The instrument aims to sustain companies' liquidity, providing them with soft loans, through financial institutions.
The measure is targeted at small and medium-sized businesses operating in sectors in which the activities are completely banned, or that have registered a decrease as a consequence of the COVID-19 pandemic. The eligibility criteria for the support are the following: the monthly turnover of the company decreased by 30% as compared to the average monthly turnover in 2019 (i.e. the monthly turnover of the borrower after 16 March 2020 is compared with the average monthly turnover in 2019), the company has retained at least 50% of the employees compared to the number of employees on 1 March 2020.
The criterion of decrease in turnover of business entities established between 1 January 2020 and 1 March 2020 is not assessed.
The size of the loan provided by the instrument is limited to the amount needed to cover the company's necessary expenses.
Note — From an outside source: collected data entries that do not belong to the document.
Lemma correlated_eq_sole_player (i : N) : (forall j, j = i) ->
  forall (a : profile N A) (b : A i), 0 <= p a * (u i a - u i (upd a i b)).
Proof.
move=> sole a b; have := correlated_eq_slice (a i) b.
rewrite (big_pred1 a) => [//|a' /=]; apply/eqP/eqP => [a'i|-> //]; apply/ffunP => j.
by have ji := sole j; subst j.
Qed.

End Game.

Lemma rat_weights_scale_to_nat (R : realType) (X : finType) (p : X -> R) :
  (forall x, 0 <= p x) -> (forall x, exists r : rat, p x = ratr r) ->
  exists2 lam : R, 0 < lam & exists n : X -> nat, forall x, (n x)%:R = lam * p x.
Proof.
move=> p_ge0 p_rat; have [r p_r] := fin_all_exists p_rat.
pose den x := `|denq (r x)|%N.
have den_gt0 x : 0 < (den x)%:R :> R by rewrite ltr0n absz_gt0 denq_neq0.
exists (\prod_x den x)%:R; first by rewrite natr_prod prodr_gt0.
exists (fun x => `|numq (r x)| * \prod_(y | y != x) den y)%N => x.
have num_ge0 : 0 <= numq (r x) by rewrite numq_ge0 -(ler0q R) -p_r.
rewrite [in RHS](bigD1 x) //= !natrM p_r /ratr /den !natr_absz ger0_norm // gtr0_norm ?denq_gt0 //.
have den_neq0 : (denq (r x))%:~R != 0 :> R by rewrite intr_eq0 denq_neq0.
by field.
Qed.

Section NoiseCount.
Variables (R : realType) (N : finType).

Lemma sum_noise_shift (G : finZmodType) (i j0 : N) (k c : G) : i != j0 ->
  \sum_(g : profile N (fun _ => G)) ((g i == k)%:R * (\sum_j g j == c)%:R : R)
  = \sum_(g : profile N (fun _ => G)) (g i == k)%:R * (\sum_j g j == 0)%:R.
Proof.
(* Shifting the noise of player [j0] by [c] keeps [g i] and adds [c] to the total. *)
move=> i_neq_j0; pose shift d (g : profile N (fun _ => G)) : profile N (fun _ => G) :=
  [ffun j => if j == j0 then g j + d else g j].
have shiftK d : cancel (shift d) (shift (- d)).
  by move=> g; apply/ffunP => j; rewrite !ffunE; case: (j == j0); rewrite ?addrK.
rewrite (reindex_inj (can_inj (shiftK c))); apply: eq_bigr => g _.
rewrite ffunE (negbTE i_neq_j0) (bigD1 j0) //= ffunE eqxx.
rewrite (eq_bigr g) => [|j /negbTE j_neq_j0]; last by rewrite ffunE j_neq_j0.
by rewrite [\sum_j g j](bigD1 j0) //= addrAC -[X in _ + c == X]add0r (inj_eq (addIr c)).
Qed.

Lemma sum_ord_lt (T n : nat) : (n <= T.+1)%N -> \sum_(c : 'I_T.+1) ((c < n)%N%:R : R) = n%:R.
Proof.
move=> n_le; rewrite (eq_bigr (fun c : 'I_T.+1 => if (c < n)%N then 1 else 0)).
  by rewrite -big_mkcond -(big_ord_widen _ (fun _ => 1 : R) n_le) sumr_const card_ord.
by move=> c _; case: (c < n)%N.
Qed.

Lemma sum_noise_below (T : nat) (i j0 : N) (k : 'I_T.+1) (n : nat) :
  i != j0 -> (n <= T.+1)%N ->
  \sum_(g : profile N (fun _ => 'I_T.+1)) ((g i == k)%:R * (val (\sum_j g j)%R < n)%N%:R : R)
  = n%:R * \sum_(g : profile N (fun _ => 'I_T.+1)) (g i == k)%:R * (\sum_j g j == 0)%:R.
Proof.
move=> i_neq_j0 n_le; rewrite -(sum_ord_lt n_le) big_distrl /=.
under [RHS]eq_bigr => c _ do rewrite -(sum_noise_shift _ c i_neq_j0) big_distrr /=.
rewrite exchange_big /=; apply: eq_bigr => g _.
rewrite [RHS](bigD1 (\sum_j g j)%R) //= [X in _ + X]big1 => [|c].
  by rewrite eqxx mulr1 addr0 mulrC.
by rewrite eq_sym => /negbTE ->; rewrite !mulr0.
Qed.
The financial institution calculates how much money the company needs (for instance, for salaries, rent, etc.) in the period from 16 March 2020 to 31 July 2020 and pays that amount to the company.
The maximum amount of the loan is €100,000 and the beneficiaries will start repaying it 6 months after having received the sum. The company will pay a fixed interest rate depending on the duration of the loan:
0.1% for the loans shorter than 12 months
0.19% for the loans that will be repaid in 13-36 months
0.69% for the loans that will be repaid in 37-72 months.
Funding: national legal framework implemented by the National Development Agency (INVEGA).
It is a good measure to sustain companies' liquidity and ensure business continuity in most affected economic sectors in Lithuania; companies can borrow at low interest rates.
However, not all companies are eligible for support - only small and medium-sized businesses operating in sectors in which the activities are completely banned, or which have registered a decrease as a consequence of the COVID-19 pandemic.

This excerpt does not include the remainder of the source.